Clinton Heylin

Thurston Moore relives the early days of Sonic Youth

Reminiscing about his many friends and colleagues in the 1970s, Moore even finds good things to say about the Dead Boys and Sid Vicious

Thurston Moore. [Getty Images] 
issue 21 October 2023

There are a surprising number of books on or by Sonic Youth, the most important of the East Coast bands to emerge in the wake of the first wave of US punk (1974-78). An excellent Spanish biography and an Italian potted history precede the three English language bios to date, while Thurston Moore’s ex-wife Kim Gordon published her own embittered memoir (Girl in a Band) in 2015. Seems Thurston had been a very naughty boy, and she was determined to tell the world all about it.
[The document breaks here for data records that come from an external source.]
Lemma adj_mul_adj n (U N : 'M[C]_n) : adj (U *m N *m adj U) = U *m adj N *m adj U.
Proof. by rewrite !adjM adjK mulmxA. Qed.

Lemma mxtrace_unitary_conj n (U N : 'M[C]_n) :
  unitary U -> \tr (U *m N *m adj U) = \tr N.
Proof. by move=> hU; rewrite mxtrace_mulC mulmxA unitaryC // mul1mx. Qed.

Lemma det_unitary_conj n (U N : 'M[C]_n) :
  unitary U -> \det (U *m N *m adj U) = \det N.
Proof.
by move=> hU; rewrite !det_mulmx mulrAC -det_mulmx hU det1 mul1r.
Qed.

Lemma frobenius_unitary_conj n (U N : 'M[C]_n) : unitary U ->
  \tr ((U *m N *m adj U) *m adj (U *m N *m adj U)) = \tr (N *m adj N).
Proof.
move=> hU; rewrite adj_mul_adj -[RHS](mxtrace_unitary_conj _ hU).
by rewrite !mulmxA -(mulmxA _ (adj U) U) unitaryC // mulmx1.
Qed.

Lemma tensmx_adjT_mul_vec n (U V M : 'M[C]_n) :
  (U *t (V *m (adj U)^T)) *m vec M = vec (U *m M *m adj U *m V^T).
Proof. by rewrite tensmx_mul_vec trmx_mul trmxK !mulmxA. Qed.

Lemma proj_mul m n (W : 'M[C]_m) (v : 'M[C]_(m, n)) : proj (W *m v) = W *m proj v *m adj W.
Proof. by rewrite /proj adjM !mulmxA. Qed.

Lemma projZ m n (c : C) (v : 'M[C]_(m, n)) : c * c^* = 1 -> proj (c *: v) = proj v.
Proof. by move=> c_unit; rewrite /proj adjZ -scalemxAl -scalemxAr scalerA c_unit scale1r. Qed.

Lemma mulmx_mix_proj_adj m n (W : 'M[C]_m) (a b : C) (v w : 'M[C]_(m, n)) :
  W *m (a *: proj v + b *: proj w) *m adj W = a *: proj (W *m v) + b *: proj (W *m w).
Proof. by rewrite mulmxDr mulmxDl -!scalemxAr -!scalemxAl !proj_mul. Qed.

Lemma mxtrace2 (N : 'M[C]_2) : \tr N = N 0 0 + N 1 1.
Proof. by rewrite /mxtrace sum_ord2. Qed.

Lemma det2 (N : 'M[C]_2) : \det N = N 0 0 * N 1 1 - N 0 1 * N 1 0.
Proof.
rewrite (expand_det_row _ 0) sum_ord2 /cofactor !det_mx11 !mxE /=.
have -> : lift 0 (0 : 'I_1) = 1 :> 'I_2 by apply: val_inj.
have -> : lift 1 (0 : 'I_1) = 0 :> 'I_2 by apply: val_inj.
by rewrite addn0 add0n modn_small // expr0 expr1 mul1r mulN1r mulrN.
Qed.

Lemma expi_mulJ (x : R) : expi x * (expi x)^* = 1.
Proof. by rewrite /expi /=; simpc; rewrite -!expr2 cos2Dsin2 mulrC addNr. Qed.

Lemma normr_expi (x : R) : `|expi x| = 1.
Proof. by apply/eqP; rewrite -sqrp_eq1 // sqr_normc expi_mulJ. Qed.

Lemma expiD (x y : R) : expi (x + y) = expi x * expi y.
Proof. by rewrite /expi sinD cosD; simpc; congr (_ +i* _); rewrite addrC. Qed.

Lemma expi_mul2 (x : R) : expi (2 * x) = expi x ^+ 2.
Proof. by rewrite mulr_natl mulr2n expiD expr2. Qed.

Lemma sin_mul2 (x : R) : sin (2 * x) = 2 * sin x * cos x.
Proof. by rewrite mulr_natl mulr2n sinD; ring. Qed.

Lemma conj_rc (x : R) : (rc x)^* = rc x.
Proof. exact: conjc_real. Qed.

Lemma expi_surj (e : C) : e * e^* = 1 -> exists z : R, expi z = e.
Proof.
case: e => a b /= h.
have h2 : a ^+ 2 + b ^+ 2 = 1.
  by move: h; simpc => /eqP; rewrite eq_complex /= => /andP [/eqP <- _]; ring.
have ha : -1 <= a <= 1 by apply/andP; split; nra.
have sqrt_b : Num.sqrt (1 - a ^+ 2) = `|b|.
  by rewrite (_ : 1 - a ^+ 2 = b ^+ 2) ?sqrtr_sqr //; lra.
have [hb|hb] := leP 0 b.
  by exists (acos a); rewrite /expi acosK ?in_itv //= sin_acos // sqrt_b ger0_norm.
exists (- acos a); rewrite /expi cosN sinN acosK ?in_itv //= sin_acos //.
by rewrite sqrt_b ltr0_norm // opprK.
Qed.

Lemma cos_sin_pihalf (c s : R) : 0 <= c -> 0 <= s -> c ^+ 2 + s ^+ 2 = 1 ->
  exists th : R, [/\ 0 <= th <= pi / 2, cos th = c & sin th = s].
Proof.
move=> hc hs h.
have hc1 : -1 <= c <= 1 by apply/andP; split; nra.
exists (acos c); split.
- rewrite acos_ge0 //= leNgt; apply/negP => hlt.
  have := hlt; rewrite -ltr_cos ?acosK ?cos_pihalf ?in_itv /= ?acos_ge0 ?acos_lepi //.
  + lra.
  + by rewrite divr_ge0 ?pi_ge0 // ler_pdivrMr // ler_peMr ?pi_ge0 // ler1n.
- by rewrite acosK // in_itv /=.
- by rewrite sin_acos // (_ : 1 - c ^+ 2 = s ^+ 2) ?sqrtr_sqr ?ger0_norm //; lra.
Qed.

Lemma polar_unit (z : C) : exists u : C, u * u^* = 1 /\ z = u * `|z|.
Proof.
have [->|hz] := eqVneq z 0; first by exists 1; rewrite rmorph1 mulr1 normr0 mulr0.
have hn : `|z| != 0 by rewrite normr_eq0.
exists (z / `|z|); split; last by rewrite divfK.
by rewrite -normCK normf_div normr_id divff // expr1n.
Qed.

Lemma normr_complex_real (z : C) : exists2 r : R, 0 <= r & `|z| = r%:C.
Proof. by have /complex_realP [r er] := normr_real z; exists r; rewrite // -ler0c -er. Qed.

Lemma phase_align (p q : C) : p * p^* + q * q^* = 1 ->
  exists (w e : C) (th : R), [/\ w * w^* = 1, e * e^* = 1, 0 <= th <= pi / 2,
    w * p = e * (cos th)%:C & w^* * q = e * (sin th)%:C].
Proof.
move=> hpq.
have [up [hup ep]] := polar_unit p; have [uq [huq eq]] := polar_unit q.
have [c hc ec] := normr_complex_real p; have [s hs es] := normr_complex_real q.
have [th [hth hcos hsin]] : exists th : R, [/\ 0 <= th <= pi / 2, cos th = c & sin th = s].
  apply: cos_sin_pihalf => //; apply: complexI.
  by rewrite rmorphD !rmorphXn /= -ec -es !normCK hpq.
subst c s.
(* The phase of [w] is the half-difference of the phases of [q] and [p]. *)
set w := sqrtC (uq * up^*).
have hw2 : w ^+ 2 = uq * up^* by rewrite sqrtCK.
have huq_w : uq = w ^+ 2 * up by rewrite hw2 -mulrA [_^* * _]mulrC hup mulr1.
have hw : w * w^* = 1.
  apply/eqP; rewrite -sqrp_eq1 ?mul_conjC_ge0 // exprMn -rmorphXn hw2 rmorphM /= conjCK.
  by rewrite mulrACA huq mul1r mulrC hup.
exists w, (w * up), th; split => //.
- by rewrite rmorphM /= mulrACA hw hup mulr1.
- by rewrite {1}ep ec mulrA.
- rewrite {1}eq es huq_w mulrA; congr (_ * _).
  by rewrite expr2 -!mulrA mulrA [_^* * _]mulrC hw mul1r.
Qed.
Lemma lindenbaum_set_theory : theory lindenbaum_set.
Proof.
split=> [f f_in | f g [n nfg] [m nf] | e Z qZ prem].
- by exists 0; apply: (theory_taut_imp thT) (theory_CoRGAL thT f_in); prove_taut.
- exists (maxn n m).
  apply: (theory_taut_imp2 thT)
    (lindenbaum_set_at (leq_maxl n m) nfg) (lindenbaum_set_at (leq_maxr n m) nf).
  prove_taut.
have [n en] := unpickle_onto (fill e Z, e).
case: (chain_decides en) => [// | [w [_ nw [_ refutes]]]].
have [Y /prem Y_in w_eq] := refutes Z qZ erefl.
by case: (lindenbaum_set_consistent Y_in); exists n.+1; rewrite -w_eq.
Qed.

Lemma lindenbaum_set_mc : maximal_consistent lindenbaum_set.
Proof.
split; [exact: lindenbaum_set_theory | exact: lindenbaum_set_maximal |].
exact: lindenbaum_set_consistent.
Qed.

Lemma lindenbaum_set_sub g : T g -> lindenbaum_set g.
Proof. by move=> g_in; exists 0; apply: (theory_taut_imp thT) g_in; prove_taut. Qed.

Lemma lindenbaum_set_f0 : ~ lindenbaum_set f0.
Proof.
move=> [n nf0]; apply: (@chain_consistent n).
by apply: (theory_taut_imp2 thT) nf0 (chain_mono (leq0n n)); prove_taut.
Qed.

End Lindenbaum.

Lemma lindenbaum T f : theory T -> ~ T f ->
  exists Gam, [/\ maximal_consistent Gam, forall g, T g -> Gam g & ~ Gam f].
Proof.
move=> thT f_out; exists (lindenbaum_set T f).
by split; [apply: lindenbaum_set_mc | apply: lindenbaum_set_sub | apply: lindenbaum_set_f0].
Qed.

(** * The canonical model and the truth lemma *)

Definition mc_world := {Gam : form -> Prop | maximal_consistent Gam}.

Definition mc_rel a (Gam Del : mc_world) := forall f, sval Gam (K a f) -> sval Del f.

Lemma mc_rel_refl a (Gam : mc_world) : mc_rel a Gam Gam.
Proof. by move=> f; exact: (mc_CoRGAL_mp (svalP Gam) (Ax2 a f)). Qed.

Lemma mc_rel_sym a (Gam Del : mc_world) : mc_rel a Gam Del -> mc_rel a Del Gam.
Proof.
move=> GD f Kf; apply: NNPP => f_out.
have nKf : sval Gam (Neg (K a f)) by apply/(mc_Neg (svalP Gam)) => /(@mc_rel_refl a Gam f).
by have /GD /(mc_Neg (svalP Del)) := mc_CoRGAL_mp (svalP Gam) (Ax4 a f) nKf.
Qed.

Lemma mc_rel_trans a (Gam Del Eps : mc_world) :
  mc_rel a Gam Del -> mc_rel a Del Eps -> mc_rel a Gam Eps.
Proof. by move=> GD DE f Kf; apply/DE/GD/(mc_CoRGAL_mp (svalP Gam) (Ax3 a f)). Qed.

Lemma mc_rel_exists a (Gam : mc_world) h : ~ sval Gam (K a h) ->
  exists2 Del : mc_world, mc_rel a Gam Del & ~ sval Del h.
Proof.
have [thG _ _] := svalP Gam.
move=> /(lindenbaum (theory_K thG a)) [Del [mcD GD h_out]].
by exists (exist _ Del mcD).
Qed.

Definition canonical_model (w0 : mc_world) : model :=
  @Model A P mc_world w0 mc_rel mc_rel_refl mc_rel_sym mc_rel_trans
    (fun p Gam => sval Gam (Var p)).

Section Truth.
Variables (p0 : P) (w0 : mc_world).
Local Notation M := (canonical_model w0).
Local Notation everywhere := (fun _ : world M => True).

Definition truthful f := forall Gam : world M, holds everywhere Gam f <-> sval Gam f.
In fact he may well be the least naughty boy in the history of rock music. ‘Neither hardcore sex nor drug action figured very much in my world,’ he writes. ‘Boys have always wanted to be in rock bands to get laid, or so it’s said. But that was not a defining factor for me.’ The ‘other’ woman (Thurston’s second wife, Eva Prinz) whom Kim refused even to name, simply calling her ‘the user, the groupie, the nutcase’, does not even enter this densely packed memoir until four pages from the end.

This is because Thurston has a lot he wants to say, and almost all of it is about his coming to New York, his early days there and the first decade of the band.